I enjoy games as they are now, but seeing glimpses of true potential like this makes me very excited for the future.

Friday, May 22, 2009

The Q.T.E.'s Advocate

So we're finally getting some more details on David Cage's upcoming title, "Heavy Rain," and already we're hearing the predictable complaint. Like Indigo Prophecy before it, Heavy Rain will feature a very familiar gameplay mechanic that has become dreadfully unpopular over the last year or two.

Ah, the Quick Time Event.

I never have figured out exactly when we began to hate the QTE so much. I know that it can certainly be a frustrating feature when not implemented properly. The "cool factor" of certain Resident Evil 4 cutscenes is diminished somewhat after seeing the first half of the scene eight times because you suck that much. Some titles (Tomb Raider: Legend, for example) only throw a few QTEs in the entire game, so they pop out of nowhere and you're never expecting them. Some games make the "PRESS THIS" cues too quick or too difficult to see.

Suffice it to say that Quick Time Events have been done poorly in quite a few games.

But it frustrates me that some gamers would dismiss an entire game over this feature. It's become another one of those words that gamers hear and immediately roll their eyes: "Quick Time Events", "Linear", "Motion Controls." I think we get so caught up in our bandwagon of cynicism that we begin to forget the potential these features have when used properly.

Think back to the game that started the QTE craze: God of War. The boss battles in this game were already epic set pieces, but it was the inclusion of Quick Time Events that took the fights to the next level. These sequences took the battle beyond the stock set of fighting animations and static cameras and gave the fight a brutal, cinematic flair. I don't see any way those battles could have been nearly so engaging, brutal or satisfying without using the Quick Time Event.

This feature does have potential. Rather than demanding that developers STOP including this feature, I suggest we start asking that they use it BETTER.

Wednesday, May 20, 2009

Update: Script in progress

And now for what this blog is really for: progress updates on the latest video.

The script for the next lecture has been sitting at 90% complete for a few weeks now. I wanted to get some feedback from various people before making a final draft. But most of that feedback has come back now and I plan to finalize the script and record the narration by the end of the week. Then it's just a matter of putting the video together (which may take a week or several, depending on how busy life gets).

I'm especially excited about this next video. Not only does it have a great topic, but it will feature our first ever "special guest." Or "second." I don't know if James counts. He's pretty much a regular. Speaking of James, he has several more topics in the pipeline, so rest assured that there are plenty more videos to come!

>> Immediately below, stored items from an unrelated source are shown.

(* Paths ending at v_N have length at most K + N for a fixed K: their vertices
   are distinct and lie in the finite set (S \ W_x) or among v_0, ..., v_N. *)
Lemma path_length_bound : exists K, forall u es N,
  valid u es -> range u es = s (x N) -> (size es <= K + N)%N.
Proof.
have [sF hsF] := (finite_seqP _).1 finite_off_x.
exists (size sF) => u es N hv hr.
have hES : forall e, e \in es -> edges_in s r S e.
  by apply: (path_edges_in_S hv); rewrite hr; apply: x_vertex_in_S.
suff hsub : {subset u :: map r es <= sF ++ map (fun j => s (x j)) (iota 0 N.+1)}.
  have := uniq_leq_size (visited_uniq hv hES) hsub.
  by rewrite size_cat size_map size_iota /= size_map addnS ltnS.
move=> z hz; have [a [b [hes hza]]] := visited_vertex_split hz.
have hSz : S z.
  apply: (@S_backward z b); first by move: hv; rewrite hes valid_cat hza => /andP[].
  by rewrite hza -range_cat -hes hr; apply: x_vertex_in_S.
rewrite mem_cat; apply/orP; have [[j hj]|hW] := pselect (Wx s x z).
  right; apply/mapP; exists j => //.
  by rewrite mem_iota /= ltnS (visited_x_index_le hv hr) // -hj.
by left; have : (S `\` Wx s x) z by []; rewrite hsF.
Qed.

Definition source_paths N : set (Defs.fpath V E) :=
  [set mu | fp_valid s r mu /\ sources_of_sub s r S (fp_src mu) /\
            fp_rng r mu = s (x N)].

(* Every path ending at v_N extends backwards to a path starting at a source
   of E_S: keep prepending edges of E_S; by [path_length_bound] this stops. *)
Lemma extend_to_source u es N : valid u es -> range u es = s (x N) ->
  exists2 nu, source_paths N nu & exists pre, nu.2 = pre ++ es.
Proof.
move=> hv hr; have [K hK] := path_length_bound.
suff ext d u' es' : valid u' es' -> range u' es' = s (x N) ->
    (exists pre, es' = pre ++ es) -> (K + N < size es' + d)%N ->
  exists2 nu, source_paths N nu & exists pre, nu.2 = pre ++ es.
  apply: (ext (K + N).+1 u es hv hr); first by exists [::].
  by rewrite addnS ltnS leq_addl.
elim: d u' es' => [|d IH] u' es' hv' hr' hpre hlt.
  by move: hlt; rewrite addn0 ltnNge (hK _ _ _ hv' hr').
have [hsrc|hns] := pselect (sources_of_sub s r S u'); first by exists (u', es').
have hSu : S u' by apply: (S_backward hv'); rewrite hr'; apply: x_vertex_in_S.
have : ~ forall e, edges_in s r S e -> r e <> u' by move=> h; apply: hns.
case/existsNP => e /not_implyP [he /contrapT hre].
apply: (IH (s e) (e :: es')).
- by rewrite valid_cons eqxx hre.
- by rewrite range_cons hre.
- by case: hpre => pre ->; exists (e :: pre).
- by rewrite /= addSnnS.
Qed.

End AcyclicGraph.

Lemma lag_pairP (E : countType) (x y : nat -> E) n m :
  (forall i, y (i + m)%N = x (i + n)%N) ->
  forall i, y (i + (lag_pair x y).2)%N = x (i + (lag_pair x y).1)%N.
Proof.
by move=> h; apply: (xgetPex (0, 0)%N (ex_intro
  (fun nm : nat * nat => forall i, y (i + nm.2)%N = x (i + nm.1)%N) (n, m) h)).
Qed.

Lemma shift_difference_unique (E : Type) (x y : nat -> E) n m n' m' :
  ~ eventually_periodic x ->
  (forall i, y (i + m)%N = x (i + n)%N) ->
  (forall i, y (i + m')%N = x (i + n')%N) -> (m + n' = m' + n)%N.
Proof.
move=> np h h'.
have key i : x (i + (m' + n))%N = x (i + (m + n'))%N.
  by rewrite addnA -h -addnA (addnC m' m) addnA h' -addnA.
wlog lt_shift : n m n' m' h h' key / (m' + n < m + n')%N.
  move=> hw; case: (ltngtP (m' + n) (m + n')) => // hlt; first exact: hw.
  by apply/esym/(hw n' m' n m) => // i; rewrite key.
exfalso; apply: np; exists (m' + n)%N, (m + n' - (m' + n))%N.
split; first by rewrite subn_gt0.
move=> i hi; have := key (i - (m' + n))%N.
have -> : (i - (m' + n) + (m' + n) = i)%N by lia.
by have -> : (i - (m' + n) + (m + n') = i + (m + n' - (m' + n)))%N by lia.
Qed.

Lemma lx_powE (R : realType) (E : countType) (x y : nat -> E) n m (beta : R) :
  ~ eventually_periodic x -> (forall i, y (i + m)%N = x (i + n)%N) ->
  lx R x y `^ beta = expR (beta * (n%:R - m%:R)).
Proof.
move=> np h; rewrite /lx -expRM.
have e := shift_difference_unique np h (lag_pairP h).
have e' : (m + (lag_pair x y).1)%:R = ((lag_pair x y).2 + n)%:R :> R by rewrite e.
rewrite !natrD in e'; rewrite mulrC; congr (expR (beta * _)); lra.
Qed.

Lemma sum_le_uniq_subseq (R : numDomainType) (T : eqType) (s t : seq T)
    (F : T -> R) :
  uniq s -> uniq t -> {subset s <= t} -> (forall i, 0 <= F i) ->
  \sum_(i <- s) F i <= \sum_(i <- t) F i.
Proof.
move=> us ut sst F0.
have restrict : \sum_(i <- t | i \in s) F i = \sum_(i <- s) F i.
  rewrite -big_filter; apply: perm_big; apply: uniq_perm => //.
    exact: filter_uniq.
  by move=> i; rewrite mem_filter; case: (boolP (i \in s)) => // /sst ->.
rewrite [X in _ <= X](bigID (fun i => i \in s)) /= restrict.
by rewrite -[X in X <= _]addr0 lerD2l sumr_ge0.
Qed.

Lemma geometric_tail_bound (R : realType) (beta : R) (N K : nat) : beta < 0 ->
  \sum_(k <- iota 0 K.+1) expR (beta * (N%:R - k%:R)) <=
  (1 - expR beta)^-1 * expR (beta * (N%:R - K%:R)).
Proof.
move=> hb; set q := expR beta; set a := expR (beta * (N%:R - K%:R)).
have -> : \sum_(k <- iota 0 K.+1) expR (beta * (N%:R - k%:R)) =
          series (geometric a q) K.+1.
  have -> : series (geometric a q) K.+1 = \sum_(i < K.+1) a * q ^+ i.
    by rewrite /series /geometric /= big_mkord.
  rewrite -[iota 0 K.+1]/(index_iota 0 K.+1) big_mkord (reindex_inj rev_ord_inj).
  apply: eq_bigr => i _; rewrite /a /q /= subSS.
  by rewrite -expRM_natl -expRD natrB -1?ltnS //; congr expR; ring.
rewrite mulrC; apply: geometric_le_lim; rewrite ?expR_ge0 ?expR_gt0 //.
by rewrite gtr0_norm ?expR_gt0 // expR_lt1.
Qed.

Also, I'll probably be making an official video announcement for the blog by next week.

Tuesday, May 19, 2009

Let's DO THIS.

Well, here we are.

If you're here, you're probably already familiar with my little video series. You're also probably well aware that each episode seems to take me forever to release. So I've decided to start this here blog.

I'll be using this space to post updates on episode progress, discuss various video game issues and, occasionally, share my impressions on whatever game I've been playing. I'll be trying to keep this blog updated semi-regularly (to compensate for my slow video release cycle), but I want to be sure maintaining the blog doesn't slow my video schedule down even more.

If you have some suggestions or ideas for what you'd like to see here, please shoot me an email:

floydo_animation at yahoo dot com

However you ended up here, welcome aboard.